Train, Validate, Test: Doing It Right
We've talked about a Train/Test split. But there is a subtle problem: if you train a model, test it, tweak the settings to get a better test score, and test again... you are accidentally "leaking" information from the test set into the model! You're optimizing for the test set.
The gold standard is a 3-way split: Train (to learn the patterns), Validate (to tune the model's settings), and Test (held in a locked vault until the very end for a final grade).

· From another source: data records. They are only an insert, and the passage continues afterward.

(* Shifting by [q] sites moves the phase by [q w], which is [q w - P] modulo 1. *)
Lemma Vpot_shift_close x (q : nat) (P : Z) : periodic1 f ->
  Rabs (Vpot f K w (x + INR q * w) - Vpot f K w x) <= 2 * K * exp K * Rabs (INR q * w - IZR P).
Proof.
  intro Hp.
  assert (Hper : Vpot f K w (x + INR q * w) = Vpot f K w (x + (INR q * w - IZR P))).
  { unfold Vpot.
    replace (x + INR q * w) with (x + (INR q * w - IZR P) + IZR P) by ring.
    replace (x + (INR q * w - IZR P) + IZR P + w)
      with (x + (INR q * w - IZR P) + w + IZR P) by ring.
    rewrite !(periodic1_IZR f Hp). reflexivity. }
  rewrite Hper. eapply Rle_trans; [apply Vpot_lipschitz|]. right. f_equal. f_equal. ring.
Qed.

End Potential.

Lemma l2Z_vanishes u : l2Z u -> vanishes_at_infinity u.
Proof.
  intros [M HM] eta Heta.
  set (g := fun k : nat => u (Z.of_nat k) ^ 2 + u (- Z.of_nat (S k))%Z ^ 2).
  assert (Hg : forall k, 0 <= g k) by (intro; unfold g; nra).
  set (Sg := sum_f_R0 g).
  assert (Hgrow : Un_growing Sg) by (intro n; unfold Sg; simpl; pose proof (Hg (S n)); lra).
  assert (Hub : has_ub Sg) by (exists M; intros x [n ->]; apply HM).
  destruct (growing_cv Sg Hgrow Hub) as [l Hl].
  destruct (CV_Cauchy Sg (exist _ l Hl) (eta ^ 2) ltac:(nra)) as [N HN].
  assert (Hgk : forall k, (N < k)%nat -> g k < eta ^ 2).
  { intros [|k] Hk; [lia|].
    specialize (HN (S k) k ltac:(lia) ltac:(lia)). unfold R_dist, Sg in HN. simpl in HN.
    replace (sum_f_R0 g k + g (S k) - sum_f_R0 g k) with (g (S k)) in HN by ring.
    rewrite Rabs_pos_eq in HN by apply Hg. exact HN. }
  assert (Hsq : forall j, u j ^ 2 < eta ^ 2 -> Rabs (u j) < eta).
  { intros j Hj. rewrite <- !Rsqr_pow2 in Hj. apply Rsqr_lt_abs_0 in Hj.
    rewrite (Rabs_pos_eq eta) in Hj by lra. exact Hj. }
  exists (N + 2)%nat. intros j Hj. apply Hsq.
  destruct (Z_le_gt_dec 0 j).
  - specialize (Hgk (Z.to_nat j) ltac:(lia)). unfold g in Hgk.
    rewrite Z2Nat.id in Hgk by assumption.
    pose proof (pow2_ge_0 (u (- Z.of_nat (S (Z.to_nat j)))%Z)). lra.
  - specialize (Hgk (Z.to_nat (- j - 1)) ltac:(lia)). unfold g in Hgk.
    replace (- Z.of_nat (S (Z.to_nat (- j - 1))))%Z with j in Hgk by lia.
    pose proof (pow2_ge_0 (u (Z.of_nat (Z.to_nat (- j - 1))))). lra.
Qed.

Lemma exp_pow x n : exp x ^ n = exp (x * INR n).
Proof.
  induction n as [|n IH]; [simpl; rewrite Rmult_0_r, exp_0; reflexivity|].
  rewrite <- tech_pow_Rmult, IH, <- exp_plus, S_INR. f_equal; ring.
Qed.

Lemma eight_exp_le K : 1 <= K -> 8 * exp K <= exp (4 * K).
Proof.
  intro HK.
  assert (He1 : 2 < exp 1) by (pose proof (exp_ineq1 1 ltac:(lra)); lra).
  assert (He3 : 8 < exp 3).
  { replace 3 with (1 + (1 + 1)) by ring. rewrite !exp_plus. pose proof (exp_pos 1). nra. }
  apply Rle_trans with (exp 3 * exp K); [pose proof (exp_pos K); nra|].
  rewrite <- exp_plus. apply exp_le_mono. lra.
Qed.

(* The Liouville condition [beta > 40 K] beats the growth [(8 e^K)^(2q) <= e^(8 K q)] of the
   transfer matrices, with room to spare. *)
Lemma liouville_smallness K (q : nat) : 1 <= K -> 1 <= INR q ->
  16 * INR q * (8 * exp K) ^ (2 * q) * (2 * K * exp K * exp (- (40 * K * INR q))) <= 1.
Proof.
  intros HK Hq. set (x := K * INR q).
  assert (Hx : 1 <= x) by (unfold x; nra).
  assert (Hgrowth : (8 * exp K) ^ (2 * q) <= exp (8 * x)).
  { apply Rle_trans with (exp (4 * K) ^ (2 * q)).
    - apply pow_incr. pose proof (exp_pos K). split; [lra | apply eight_exp_le, HK].
    - rewrite exp_pow, mult_INR. unfold x. right. f_equal. simpl. ring. }
  assert (HeK : exp K <= exp x) by (apply exp_le_mono; unfold x; nra).
  assert (H31 : 32 * x <= exp (31 * x)).
  { replace (31 * x) with (x + 30 * x) by ring. rewrite exp_plus.
    pose proof (exp_ineq1_le x). pose proof (exp_ineq1_le (30 * x)). nra. }
  assert (Hprod : exp (8 * x) * exp x * exp (- (40 * K * INR q)) * exp (31 * x) = 1).
  { rewrite <- !exp_plus, <- exp_0. f_equal. unfold x. ring. }
  pose proof (exp_pos K); pose proof (exp_pos x); pose proof (exp_pos (8 * x)).
  pose proof (exp_pos (- (40 * K * INR q))); pose proof (exp_pos (31 * x)).
  pose proof (pow_le (8 * exp K) (2 * q) ltac:(lra)).
  apply Rle_trans with (32 * x * (exp (8 * x) * exp x * exp (- (40 * K * INR q)))).
  - replace (16 * INR q * (8 * exp K) ^ (2 * q) * (2 * K * exp K * exp (- (40 * K * INR q))))
      with (32 * x * ((8 * exp K) ^ (2 * q) * exp K * exp (- (40 * K * INR q))))
      by (unfold x; ring).
    apply Rmult_le_compat_l; [lra|]. apply Rmult_le_compat_r; [lra|].
    apply Rmult_le_compat; lra.
  - set (e := exp (8 * x) * exp x * exp (- (40 * K * INR q))) in *. nra.
Qed.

What if your validation set just happens to be unusually easy or hard? Enter K-Fold Cross-Validation. We chop our training data into K chunks (folds). We train on K-1 chunks and validate on the 1 remaining chunk. We repeat this K times, rotating the validation chunk, and average the scores. This gives us a much more robust estimate of how the model will perform.
Run a 5-fold cross validation on a Random Forest.
from sklearn.model_selection import cross_val_score
from sklearn.ensemble import RandomForestClassifier
from sklearn.datasets import load_iris
X, y = load_iris(return_X_y=True)
model = RandomForestClassifier(n_estimators=10)
# TODO: Use cross_val_score with cv=5 to get 5 accuracy scores
# scores = ???
# print(f"Scores for each fold: {scores}")
# print(f"Average accuracy: {scores.mean():.2f}")